Wading through the deluge of information and political messaging ahead of an election is hard enough. When you add in fake Twitter accounts that try to manipulate what you see, it gets even more complicated.
But while bots attract a lot of attention and stoke fear, researchers say the actual threat is overblown, and that they’re only one part of a bigger system aimed at manipulating opinion online.
“There’s a lot of attention on bots as the central cause of our media woes,” said Fenwick McKelvey, an assistant professor at Montreal’s Concordia University who researches social media platforms. “Bots are, at best, a small part of it.”
Twitter bots are automated accounts run by software instead of human beings and programmed to automatically tweet, retweet, like and follow other accounts. They’re not always malicious. Some bots are programmed to be helpful, like the account YK Climate Watch, which automatically tweets anomalies in temperature and precipitation in Yellowknife to track the impacts of climate change.
The bots you’ve probably heard the most about are ones that are designed to impersonate people in order to boost certain tweets, accounts or topics. These bots certainly exist, but they may not be as powerful as they sound.
“I don’t think we should dismiss it, but I think it’s a little bit overblown,” said John Gray, the CEO and co-founder of Mentionmapp Analytics, a social media data company.
Gray has researched bot activity on Twitter during the Alberta and Ontario elections, as with political hashtags like #cdnpoli and #Trudeaumustgo. He said typically 20 to 30 per cent of accounts participating in these Twitter conversations are “suspicious,” meaning they show signs of bot-like behaviour. One of those signs is tweeting more than 72 times per day on average, seven days a week.
But conclusively identifying a bot is challenging, even for experts, Gray said. And measuring the influence of bots is even more so.
There are behaviours we can observe where bots, or other inauthentic accounts, attempt to manipulate online conversations. Dozens of bots might retweet or reply to a particular tweet, making it appear to be more popular than it really is. Bots or fake accounts might also tweet under certain hashtags in order to try to sway the conversation there into more divisive topics.
In fact, it’s something that was documented to have happened in the last Canadian federal election, when Twitter accounts suspected of having links to Russia and Iran attempted to inflame debate on issues like pipelines and immigration.

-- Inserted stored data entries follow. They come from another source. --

(* A strongly connected tournament $G$ is triangle-connected if and only if $G$ has no nontrivial homogeneous set that contains (the vertex set of) a cyclic triangle.
   Context: A tournament is a finite, non-null, loopless directed graph in which for any two distinct vertices $u,v$ there is exactly one edge with both ends in $\{u,v\}$; write $u\to v$ for the edge from $u$ to $v$. A homogeneous set of $G$ is a set $X\subseteq V(G)$ such that each $v\in V(G)\setminus X$ either has $v\to x$ for all $x\in X$ or $x\to v$ for all $x\in X$; it is nontrivial if $1<|X|<|V(G)|$. $G$ is strongly connected if for any two vertices $u,v$ there are directed paths from $u$ to $v$ and from $v$ to $u$. Two cyclic triangles in $G$ are adjacent if they share exactly two vertices; cyclic triangles $C,C'$ are triangle-connected if there is a sequence $C_1,\dots,C_n$ ($n\ge1$) of cyclic triangles with $C_1=C$, $C_n=C'$, and $C_i$ adjacent to $C_{i+1}$ for all $i$. A tournament is triangle-connected if it is strongly connected and any two of its cyclic triangles are triangle-connected. *)

(* A tournament on a finite vertex type T is given by its
   edge relation e : rel T, with (e u v) meaning u -> v. *)
From mathcomp Require Import all_boot.
Set Implicit Arguments. Unset Strict Implicit. Unset Printing Implicit Defensive.

Section Tournaments.
Variable T : finType.
Variable e : rel T.

Definition tournament : Prop :=
  (0 < #|T|) /\ (forall u, ~~ e u u) /\
  (forall u v, u != v -> (e u v (+) e v u)).

Definition strongly_connected : Prop := forall u v : T, connect e u v.

Definition homogeneous (X : {set T}) : Prop :=
  forall v, v \notin X ->
    (forall x, x \in X -> e v x) \/ (forall x, x \in X -> e x v).

Definition nontrivial (X : {set T}) : Prop := 1 < #|X| < #|T|.

Definition cyclic_triangle (C : {set T}) : bool :=
  [exists a, exists b, exists c,
     [&& C == [set a; b; c], e a b, e b c & e c a]].

Definition tri_adj : rel {set T} :=
  fun C D => [&& cyclic_triangle C, cyclic_triangle D & #|C :&: D| == 2].

Definition triangle_connected : Prop :=
  strongly_connected /\
  (forall C D, cyclic_triangle C -> cyclic_triangle D -> connect tri_adj C D).

End Tournaments.

From mathcomp Require Import all_boot.
Set Implicit Arguments. Unset Strict Implicit. Unset Printing Implicit Defensive.

(* If a homogeneous set X contains a cyclic triangle, a cyclic triangle
   with two vertices in X has its third one in X too (an outside vertex sees
   all of X the same way), so the whole triangle component stays inside X.
   But when X is nontrivial, strong connectivity yields an edge t -> u
   between the vertices outside X dominated by X and those dominating X, and
   x -> t -> u -> x is a cyclic triangle through x in X leaving X.
   Conversely, the vertices covered by the triangle component of a cyclic
   triangle form a homogeneous set: a vertex v outside it cannot see an edge
   p -> q of one of its triangles as v -> p -> q -> v. So, when no nontrivial
   homogeneous set contains a triangle, every component covers all vertices,
   and a local analysis of two triangles sharing a vertex shows that two such
   components coincide. *)

Lemma connect_exit (T : finType) (r : rel T) (S : {pred T}) x y :
  connect r x y -> x \in S -> y \notin S ->
  exists t u, [/\ connect r x t, t \in S, u \notin S & r t u].
Proof.
case/connectP=> p + ->; elim: p x => [|z p IH] x /=; first by move=> _ ->.
case/andP=> rxz pz xS yS; case: (boolP (z \in S)) => [zS | zS]; last first.
  by exists x, z; rewrite connect0.
have [t [u [czt tS uS rtu]]] := IH z pz zS yS.
by exists t, u; split=> //; apply: connect_trans (connect1 rxz) czt.
Qed.

Section Tournament.
Variables (T : finType) (e : rel T).

Local Notation tri_conn := (connect (tri_adj e)).

Lemma set3_rot (a b c : T) : [set a; b; c] = [set b; c; a].
Proof. by apply/setP=> z; rewrite !inE; case: (z == a); case: (z == b); case: (z == c). Qed.

Lemma card_set3I_le (X : {set T}) a b c :
  #|[set a; b; c] :&: X| <= (a \in X) + (b \in X) + (c \in X).
Proof.
have card1I z : #|[set z] :&: X| <= (z \in X).
  case: (boolP (z \in X)) => zX.
    by rewrite (leq_trans (subset_leq_card (subsetIl _ _))) ?cards1.
  by rewrite leqn0 cards_eq0 setI_eq0 disjoints1.
rewrite !setIUl; apply: leq_trans (leq_card_setU _ _).1 _; rewrite leq_add //.
by apply: leq_trans (leq_card_setU _ _).1 _; rewrite leq_add.
Qed.

Lemma cyclic_triangleP C : cyclic_triangle e C ->
  exists a b c, [/\ C = [set a; b; c], e a b, e b c & e c a].
Proof. by case/existsP=> a /existsP[b /existsP[c /and4P[/eqP-> ? ? ?]]]; exists a, b, c. Qed.

Lemma cyclic_triangle3 a b c : e a b -> e b c -> e c a -> cyclic_triangle e [set a; b; c].
Proof.
move=> eab ebc eca; apply/existsP; exists a; apply/existsP; exists b.
by apply/existsP; exists c; rewrite eqxx eab ebc eca.
Qed.

Lemma cyclic_triangle_at C v : cyclic_triangle e C -> v \in C ->
  exists x y, [/\ C = [set v; x; y], e v x, e x y & e y v].
Proof.
case/cyclic_triangleP=> a [b [c [-> eab ebc eca]]]; rewrite !inE => /orP[/orP[]|]/eqP->.
- by exists b, c.
- by exists c, a; rewrite set3_rot.
- by exists a, b; rewrite -set3_rot.
Qed.

Lemma tri_adj_sym : symmetric (tri_adj e).
Proof. by move=> C D; rewrite /tri_adj setIC andbCA. Qed.

Lemma tri_conn_sym : connect_sym (tri_adj e).
Proof. exact: sym_connect_sym tri_adj_sym. Qed.

Lemma tri_conn_cyclic C D : cyclic_triangle e C -> tri_conn C D -> cyclic_triangle e D.
Proof.
move=> cC /connectP[p + ->]; elim: p C cC => [|F p IH] C //= cC /andP[/and3P[_ cF _]].
exact: IH.
Qed.

Hypothesis tour : tournament e.

Lemma edge_neq u w : e u w -> u != w.
Proof. by case: tour => _ [loopless _] euw; apply: contraTneq euw => ->. Qed.

Lemma edge_asym u w : e u w -> ~~ e w u.
Proof. by case: tour => _ [_ one] euw; move: (one u w (edge_neq euw)); rewrite euw. Qed.

Lemma negb_edge u w : u != w -> ~~ e u w = e w u.
Proof. by case: tour => _ [_ one] /one; case: (e u w); case: (e w u). Qed.

Lemma card_cyclic_triangle C : cyclic_triangle e C -> #|C| = 3.
Proof.
case/cyclic_triangleP=> a [b [c [-> eab ebc eca]]].
rewrite [[set a; b; c]]setUC cardsU1 cards2 (edge_neq eab) !inE negb_or.
by rewrite (edge_neq eca) eq_sym (edge_neq ebc).
Qed.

But its impossible to measure whether those campaigns have an impact on how real people behave or think, Gray said.
“I don’t believe we can actually talk about impact,” Gray said. “We don’t have the research. We don’t have the data, and I don’t even know if we have the right questions to ask about the impact.”
Bots and #TrudeauMustGo
A recent example of the rising concern over the threat of bots is the debate that followed a trending hashtag: #TrudeauMustGo. In mid-July, the hashtag was trending on Twitter in Canada, and The National Observer reported that some of the accounts tweeting the hashtag showed evidence of automation, such as tweeting at excessively high rates. Some of the accounts identified were later removed by Twitter.
Many Twitter users interpreted the story to mean that bots had caused the hashtag to trend. In response, users who oppose Trudeau began using the hashtag #NotABot, along with #TrudeauMustGo, to challenge the idea that bots played a role in the hashtag’s popularity. A spokesperson from Twitter said the accounts removed weren’t responsible for making the hashtag trend.
“Our initial investigation has not found evidence of bot activity amplifying the #TrudeauMustGo hashtag,” said Michele Austin, head of government and public policy for Twitter Canada. “These were driven by organic, authentic conversation.”
Twitter’s trending hashtags are determined by an algorithm, which considers not only the number of tweets, but also the period of time over which those tweets are sent, and the number of different users tweeting the hashtag, according to the site.
But the specifics of how a trending topic is determined aren’t publicly known, which is part of why it’s difficult to measure the influence of bots, McKelvey said.
“I don’t know how Twitter makes trends. They have an explanation about it, but there’s concerns in general about the transparency,” McKelvey said. “It’s moments like this where you have a lot of uncertainty, which creates room for these competing interpretations.”
Twitter has made efforts to improve transparency, including releasing archives of accountsidentified as potential foreign election interference operatives. It also provides access to its API to researchers, and is constantly improving its ability to identify, track, and disable inauthentic accounts that violate its terms of service.
“We have a team dedicated to monitoring inauthentic and spam activity for the Canadian election and it’s something that we will be banning if we see it happen,” Austin said. “We do take these issues very, very seriously. The public conversation is never more important than during an election.”